PARIS | La liquidation annoncée jeudi des magasins Toys’R’Us aux États-Unis illustre la fragilité d’un secteur du jouet attractif mais très concurrentiel, où la guerre entre spécialistes, généralistes et commerce en ligne fait rage.
Ce coup de tonnerre pour une enseigne emblématique a retenti seulement deux jours après que le propriétaire de l’enseigne française concurrente La Grande Récré, lui aussi perclus de dettes, eut été placé en redressement judiciaire.
Selon une étude récente du cabinet Xerfi, les boutiques de jouets évoluent dans un « contexte de concurrence accrue », en particulier de la part des géants d’internet.
En outre, les grandes surfaces alimentaires restent un « circuit incontournable pour bon nombre de ménages », en particulier pour les achats de Noël, tandis que l’acquisition de produits de seconde main, via des sites comme LeBonCoin ou eBay rencontre également un succès croissant, note Xerfi.
En 2017, rien qu’en France, le marché du jouet pesait 3,4 milliards d’euros, selon le cabinet NPD. Et même s’il a affiché un léger repli (-0,8%), il restait sur quatre années de croissance consécutive, confirmant sa position de secteur attractif.
La part de marché du commerce en ligne dans les jouets atteignait 26% fin septembre en France, comparable à celle des États-Unis (24% en 2017) selon NPD, une proportion toujours grandissante.
Pas les mêmes armes
L’annonce de la prochaine liquidation des 735 magasins américains de Toys’R’Us n’a donc pas surpris Franck Mathais, porte-parole de son concurrent JouéClub et expert du secteur.
« On s’y attendait, la marque se trouvait depuis plusieurs années face à une double difficulté: financière et concurrentielle », explique-t-il à l’AFP. Toys’R’Us s’était placé dès septembre dernier sous la protection de la loi américaine sur les faillites.
Entre des supermarchés (comme Walmart aux États-Unis) très agressifs sur les prix et la montée du commerce en ligne, synonyme de pression sur les marges, un spécialiste ne peut se battre avec les mêmes armes que ses concurrents pour lesquels la part du jouet est infime dans le chiffre d’affaires total.
« Or, sans marge de manoeuvre, l’entreprise devient trop fragile, d’autant plus que sa dette est importante et sa trésorerie faible, et qu’on lui demande d’investir dans le numérique en même temps: petit à petit, l’étau se resserre et la situation ne devient plus vivable », explique M. Mathais.
Repenser le modèle
Cette disparition d’une enseigne spécialisée aux États-Unis n’est pas une bonne nouvelle pour les fabricants de jouets.
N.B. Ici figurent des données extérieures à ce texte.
(* Let $\mathcal{H}$ be a real Hilbert space. For each $i=1,2,\ldots,N$, let $f_i:\mathcal{H}\to\mathcal{H}$ be $\alpha_i$-inverse strongly monotone ($\alpha_i>0$) and let $C_i\subset\mathcal{H}$ be nonempty, closed and convex, with $\bigcap_{i=1}^N C_i\neq\emptyset$. Let $\Psi:=\bigcap_{i=1}^N SOL(C_i,f_i)$ and assume $\Psi\neq\emptyset$. Set $\alpha:=\min_i\alpha_i$ and take $\lambda\in(0,2\alpha)$. Let $T_i:=P_{C_i}(I-\lambda f_i)$, i.e. $T_i(x)=P_{C_i}(x-\lambda f_i(x))$. Given an arbitrary $x^0\in\mathcal{H}$, define $x^{k+1}=(T_1\circ T_2\circ\cdots\circ T_N)(x^k)$ for $k\ge 0$. Then $\{x^k\}_{k=0}^\infty$ converges weakly to a point $x^\ast\in\Psi$, and moreover $x^\ast=\lim_{k\to\infty}P_\Psi(x^k)$ (strong limit).
   Context: An operator $h:\mathcal{H}\to\mathcal{H}$ is $\beta$-inverse strongly monotone ($\beta>0$) if $\langle h(x)-h(y),x-y\rangle\geq\beta\|h(x)-h(y)\|^2$ for all $x,y\in\mathcal{H}$. For a nonempty closed convex set $D\subset\mathcal{H}$, $P_D$ denotes the metric (nearest point) projection onto $D$. For such $D$ and an operator $h$, $SOL(D,h)$ denotes the set of $x^\ast\in D$ with $\langle h(x^\ast),x-x^\ast\rangle\geq 0$ for all $x\in D$. The set $\Psi$ is closed and convex. *)

From HB Require Import structures.
From mathcomp Require Import all_boot all_order all_algebra.
From mathcomp Require Import all_classical all_reals all_analysis.
Set Implicit Arguments. Unset Strict Implicit. Unset Printing Implicit Defensive.
Import Order.TTheory GRing.Theory Num.Theory.
Local Open Scope classical_set_scope.
Local Open Scope ring_scope.

(* A real Hilbert space is modelled as a complete normed space V over a
   realType R together with a real inner product ip inducing the norm. *)
Definition inner_product (R : realType) (V : completeNormedModType R)
  (ip : V -> V -> R) : Prop :=
  [/\ forall x y, ip x y = ip y x,
      forall x y z, ip (x + y) z = ip x z + ip y z,
      forall (a : R) x y, ip (a *: x) y = a * ip x y &
      forall x, `|x| ^+ 2 = ip x x].

Definition inverse_strongly_monotone (R : realType) (V : completeNormedModType R)
  (ip : V -> V -> R) (beta : R) (h : V -> V) : Prop :=
  forall x y, beta * `|h x - h y| ^+ 2 <= ip (h x - h y) (x - y).

Definition convex_set_ (R : realType) (V : completeNormedModType R) (D : set V) :=
  forall x y (t : R), D x -> D y -> 0 <= t -> t <= 1 -> D (t *: x + (1 - t) *: y).

(* metric (nearest point) projection onto D (a nearest point chosen by
   choice; it exists and is unique when D is nonempty closed convex in a
   Hilbert space) *)
Definition metric_proj (R : realType) (V : completeNormedModType R)
  (D : set V) (x : V) : V :=
  xget 0 [set p | D p /\ forall q, D q -> `|x - p| <= `|x - q|].

Definition SOL (R : realType) (V : completeNormedModType R)
  (ip : V -> V -> R) (D : set V) (h : V -> V) : set V :=
  [set xs | D xs /\ forall x, D x -> 0 <= ip (h xs) (x - xs)].

From HB Require Import structures.
From mathcomp Require Import all_boot all_order all_algebra.
From mathcomp Require Import all_classical all_reals all_analysis.
From mathcomp Require Import ring lra.
Import Order.TTheory GRing.Theory Num.Theory.
Set Implicit Arguments. Unset Strict Implicit. Unset Printing Implicit Defensive.
Local Open Scope classical_set_scope.
Local Open Scope ring_scope.

(* Each [T_i = P_{C_i} (I - lam f_i)] is averaged: firm nonexpansiveness of the
   projection together with the inverse strong monotonicity of [f_i] bounds
   [|(x - T_i x) - (y - T_i y)|^2] by a multiple of [|x - y|^2 - |T_i x - T_i y|^2],
   and the fixed points of [T_i] are exactly [SOL(C_i, f_i)].  Hence the iterates are
   Fejer monotone with respect to [Psi], each [T_i] is asymptotically regular along
   them, and the projections [P_Psi x^k] form a Cauchy sequence with some limit [x*].
   Weak convergence is tested along every ultrafilter refining the cofinite filter:
   there the bounded iterates have a weak limit (Riesz representation of the limit
   functional), which is a common fixed point by demiclosedness and equals [x*] by
   the variational characterisation of [P_Psi]. *)

Lemma cvgnPdist_lt {R : realType} {V : normedModType R} (u : nat -> V) (l : V) :
  u @ \oo --> l <-> forall e, 0 < e -> exists N, forall n, (N <= n)%N -> `|l - u n| < e.
Proof.
rewrite cvgrPdist_lt; split=> h e /h.
  by move=> [N _ HN]; exists N => n /HN.
by move=> [N HN]; exists N => // n /HN.
Qed.

Lemma cauchyn_cvg_ex {R : realType} {V : completeNormedModType R} (u : nat -> V) :
  (forall e, 0 < e -> exists N, forall m n, (N <= m)%N -> (N <= n)%N -> `|u m - u n| < e) ->
  exists l : V, u @ \oo --> l.
Proof.
move=> h; suff: cvgn u by move=> c; exists (limn u).
apply: cauchy_cvg; apply: cauchy_exP => e /h [N HN].
exists (u N); exists N => // n /= Nn; rewrite -ball_normE /ball_ /=.
exact: HN.
Qed.

Lemma invSn_lt_eventually {R : realType} (e : R) : 0 < e ->
  exists N, forall n, (N <= n)%N -> (n.+1%:R)^-1 < e.
Proof.
move=> e0; exists (Num.truncn (e^-1)) => n hn.
have h : e^-1 < n.+1%:R.
  by apply: (lt_le_trans (truncnS_gt _)); rewrite ler_nat ltnS.
by rewrite -[e]invrK ltf_pV2 ?posrE ?invr_gt0 ?ltr0Sn.
Qed.

Lemma nonincreasing_ge0_cauchy {R : realType} (d : nat -> R) :
  (forall k, 0 <= d k) -> (forall k, d k.+1 <= d k) ->
  forall e, 0 < e -> exists N, forall k m, (N <= k)%N -> (k <= m)%N -> d k - d m < e.
Proof.
move=> d0 dS.
have dle k m : (k <= m)%N -> d m <= d k.
  move=> /subnK <-; elim: (m - k)%N => [|n IH] //=.
  by rewrite addSn; apply: le_trans IH.
have /(cvgnPdist_lt (V := R^o)) hd : d n @[n --> \oo] --> inf (range d).
  apply: nonincreasing_cvgn; first by move=> n m; apply: dle.
  by exists 0 => _ [n _ <-].
move=> e e0; have [M HM] := hd (e / 2) ltac:(lra).
exists M => k m hk hkm.
have := HM k hk; have := HM m (leq_trans hk hkm).
have := ler_norm (inf (range d) - d m); have := ler_norm (d k - inf (range d)).
rewrite distrC /=; lra.
Qed.

Lemma cvg_ultra {T : Type} {X : topologicalType} (F : set_system T) {FF : Filter F}
    (a : T -> X) (l : X) :
  (forall U : set_system T, UltraFilter U -> F `<=` U -> a @ U --> l) -> a @ F --> l.
Proof.
move=> hU A /= Al; apply: contrapT; change (~ F (a @^-1` A) -> False) => nFA.
set G := filter_from F (fun B => B `&` ~` (a @^-1` A)).
have GF : ProperFilter G.
  apply: filter_from_proper; last first.
    move=> B FB; apply: contrapT => /set0P/negP; rewrite negbK => /eqP B0.
    apply: nFA; apply: (filterS _ FB) => t Bt; apply: contrapT => nAt.
    by have : (B `&` ~` (a @^-1` A)) t by []; rewrite B0.
  apply: filter_from_filter; first by exists setT; exact: filterT.
  move=> B C FB FC; exists (B `&` C); first exact: filterI.
  by move=> t [[Bt Ct] nAt].
have [U [UU GU]] := ultraFilterLemma GF.
have FU : F `<=` U by move=> B FB; apply: GU; exists B => // t [].
have UA : U (a @^-1` A) by exact: hU U UU FU A Al.
have UnA : U (~` (a @^-1` A)) by apply: GU; exists setT; [exact: filterT | move=> t []].
by have [t [At nAt]] := filter_ex (filterI UA UnA).
Qed.

Lemma ultra_bounded_cvg {R : realType} {T : Type} (U : set_system T) {UU : UltraFilter U}
    (b : T -> R^o) M :
  (forall t, `|b t| <= M) -> exists l : R^o, b @ U --> l.
Proof.
move=> hb.
have hF : (b @ U) `[- M, M]%classic.
  apply: (@filterS _ U _ setT); last exact: filterT.
  by move=> t _ /=; rewrite in_itv /= -ler_norml.
have [c [_ cl]] := segment_compact _ hF.
exists c; apply/cvgrPdist_lt => e e0.
have [//|hC] := in_ultra_setVsetC [set t | `|c - b t| < e] UU.
have := cl [set r | ~ `|c - r| < e] (ball (c : R^o) e) hC (@nbhsx_ballx R R^o c e e0).
by move=> [r [/= h1 h2]]; exfalso; apply: h1; move: h2; rewrite -ball_normE.
Qed.

Lemma cvg0_norm_le {R : realType} {V : normedModType R} {T : Type} (F : set_system T)
    {FF : Filter F} (u : T -> V) (g : T -> R^o) :
  (\forall t \near F, `|u t| <= g t) -> g @ F --> 0 -> u @ F --> 0.
Proof.
move=> ug g0; apply: (@norm_cvg0 R V T F FF u).
apply: (@squeeze_cvgr T F FF R (fun=> 0) g (fun t => `|u t|) _ 0 _ g0).
  by apply: filterS ug => t ->; rewrite normr_ge0.
exact: (@cvg_cst R^o).
Qed.

Lemma cvg_norm_sub0 {R : realType} {V : normedModType R} {T : Type} (F : set_system T)
    {FF : Filter F} (u : T -> V) (a : V) :
  u @ F --> a -> (fun t => `|u t - a| : R^o) @ F --> (0 : R^o).
Proof. by move=> /subr_cvg0 /cvg_norm; rewrite normr0. Qed.

Section InnerProduct.
Context {R : realType} {V : completeNormedModType R} (ip : V -> V -> R).
Hypothesis hip : inner_product ip.

Lemma ipC x y : ip x y = ip y x. Proof. by case: hip. Qed.
Lemma ipDl x y z : ip (x + y) z = ip x z + ip y z. Proof. by case: hip. Qed.
Lemma ipZl a x y : ip (a *: x) y = a * ip x y. Proof. by case: hip. Qed.
Lemma ip_normE x : `|x| ^+ 2 = ip x x. Proof. by case: hip. Qed.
Certes, ils pourront toujours être référencés chez Amazon ou Walmart, mais selon M. Mathais, cela s’effectuera au détriment des « petits » industriels et des consommateurs.
En effet, « chez un généraliste, le rayon jouets, petit, offre peu de choix, et sur internet, c’est le contraire, le nombre de références est tel que le client est obligé de se concentrer sur de grandes marques », un double effet négatif donc sur les « petits » fabricants.
Or, les industriels du jouet ont besoin de « tester » leurs produits toute l’année, pas seulement à Noël. Ils effectuent plus naturellement ces tests chez un spécialiste, l’assortiment et le conseil permettant de se différencier.
Dans un tel contexte, affirme pour sa part à l’AFP le patron de King Jouet, Philippe Gueydon, il est temps que fournisseurs et enseignes « travaillent main dans la main », dans un souci de « repenser le mode de fonctionnement de la filière », avec des « règles du jeu différentes ».
Ils y ont intérêt, estime-t-il, car la disparition du leader mondial du jouet aura forcément un impact pour eux: créances non recouvrées, débouchés réduits...
« Le marché n’est pas en train de se casser la figure », rassure M. Gueydon, même si aux États-Unis, la disparition de Toys’R’Us risque désormais de « livrer le consommateur à lui-même ».
Or, souligne M. Mathais, « n’oublions pas que le jouet n’est pas un produit comme les autres: il a un rôle majeur dans l’épanouissement, le développement et la socialisation d’un enfant ».